REQUIREMENT | Among the lines below, count those with "elim". Give only the number.

[[ RECORDS SUPPLIED, beginning ]]

Definition ess_bounded (Z : T -> R) : Prop :=
  exists M : R, {ae P, forall x, `|Z x| <= M}.

Definition Linf_dense (E : set (T -> R)) : Prop :=
  E `<=` [set Z | Dset Z /\ ess_bounded Z] /\
  forall Z, Dset Z -> ess_bounded Z -> forall eps : R, 0 < eps ->
    exists2 Z', E Z' & {ae P, forall x, `|Z x - Z' x| <= eps}.

Definition mix (l : R) (Z Z' : T -> R) : T -> R :=
  fun x => l * Z x + (1 - l) * Z' x.

Definition condPOS (Qt : set (T -> R)) : Prop :=
  forall Zt, Qt Zt -> {ae P, forall x, 0 < Zt x}.

Definition condMIX (Q Qt : set (T -> R)) : Prop :=
  forall Z Zt (l : R), Q Z -> Qt Zt -> 0 < l < 1 -> Qt (mix l Z Zt).

Definition condINT (Q Qt : set (T -> R)) : Prop :=
  forall Zt, Qt Zt -> exists E, Linf_dense E /\
    forall Z, E Z -> exists l : R, 0 < l < 1 /\ Q (mix l Z Zt).

Definition Qmax (Q : set (T -> R)) : set (T -> R) :=
  [set Zt | Q Zt /\ {ae P, forall x, 0 < Zt x} /\
    exists E, Linf_dense E /\
      forall Z, E Z -> exists l : R, 0 < l < 1 /\ Q (mix l Z Zt)].

Definition condI (Ret : 'I_d -> T -> R) (Q : set (T -> R)) : Prop :=
  forall (i : 'I_d) Z, Q Z -> P.-integrable setT (fun x => (Z x * Ret i x)%:E).

Definition Pi0 (r : R) (Ret : 'I_d -> T -> R) (pi : 'I_d -> R) : Prop :=
  (\int[P]_x (excess r Ret pi x)%:E = 0)%E.

Definition Pirho0 (Q : set (T -> R)) (r : R) (Ret : 'I_d -> T -> R)
    (pi : 'I_d -> R) : Prop :=
  Pi0 r Ret pi /\ (rho Q (excess r Ret pi) < +oo)%E /\
  forall pi', Pi0 r Ret pi' -> (rho Q (excess r Ret pi) <= rho Q (excess r Ret pi'))%E.

Definition rho_efficient (Q : set (T -> R)) (r : R) (Ret : 'I_d -> T -> R)
    (pi : 'I_d -> R) : Prop :=
  (0 <= \int[P]_x (excess r Ret pi x)%:E)%E /\
  ~ exists pi' : 'I_d -> R,
      let m := (\int[P]_x (excess r Ret pi x)%:E)%E in
      let m' := (\int[P]_x (excess r Ret pi' x)%:E)%E in
      let p := rho Q (excess r Ret pi) in
      let p' := rho Q (excess r Ret pi') in
      (m <= m')%E /\ (p' <= p)%E /\ ((m < m')%E \/ (p' < p)%E).

Definition rho_arbitrage (Q : set (T -> R)) (r : R) (Ret : 'I_d -> T -> R) : Prop :=
  ~ exists pi, rho_efficient Q r Ret pi.

End Market.
Lemma eqI_centre_front v y t :
  eqI [:: (1, (v ++ y :: t, size v))] [:: ((-1) ^+ size v, (y :: v ++ t, 0%N))].
Proof.
elim/last_ind: v t => [|v a IHv] t; first exact: eqI_refl y _.
rewrite cat_rcons size_rcons.
apply: eqI_eval (eqI_chain (eqI_shift_centre v y a t) (IHv (a :: t))) _ => h.
by rewrite !eval_lc_cons !eval_lc_nil /= cat_rcons exprS.
Qed.

Lemma pairwise_insert (P : seq X) z y Q :
  pairwise ltX (P ++ z :: Q) -> (z < y)%O -> all (fun q => (y < q)%O) Q ->
  pairwise ltX (P ++ z :: y :: Q).
Proof.
move=> + lt_zy yQ; elim: P => [|a P IHP] /=.
  by case/andP => zQ sQ; rewrite lt_zy zQ yQ sQ.
case/andP => aPzQ sPzQ; rewrite IHP // andbT.
move: aPzQ; rewrite !all_cat /= => /and3P [-> lt_az ->].
by rewrite lt_az (lt_trans lt_az lt_zy).
Qed.

Lemma eqI_insert x y P Q r : 2%:R != 0 :> k ->
  pairwise ltX (P ++ Q) -> all (fun q => (y < q)%O) Q ->
  exists c S, pairwise ltX S /\
    eqI [:: (1, (x :: P ++ y :: Q ++ r, 0%N))] [:: (c, (x :: S ++ r, 0%N))].
Proof.
move=> two_neq0; elim/last_ind: P Q => [|P z IHP] Q sPQ yQ.
  by exists 1, (y :: Q); split; [rewrite /= yQ | exact: eqI_refl x _].
rewrite cat_rcons in sPQ; rewrite cat_rcons.
case: (ltgtP z y) => [lt_zy|lt_yz|<-].
- exists 1, (P ++ z :: y :: Q); split; first exact: pairwise_insert.
  by rewrite -catA; exact: eqI_refl x _.
- have [|c [S [sS IPS]]] := IHP (z :: Q) sPQ; first by rewrite /= lt_yz.
  exists (-1 * c), S; split => //.
  exact: eqI_chain (@eqI_swap_right (x :: P) 0 z y (Q ++ r) isT) IPS.
- exists 0, (P ++ z :: Q); split => //.
  apply: eqI_eval (@eqI_square_right (x :: P) 0 z (Q ++ r) two_neq0 isT) _ => h.
  by rewrite !eval_lc_cons !eval_lc_nil /= mul0r !(addr0, oppr0).
Qed.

[[ RECORDS SUPPLIED, end ]]

TASK ANSWER | 3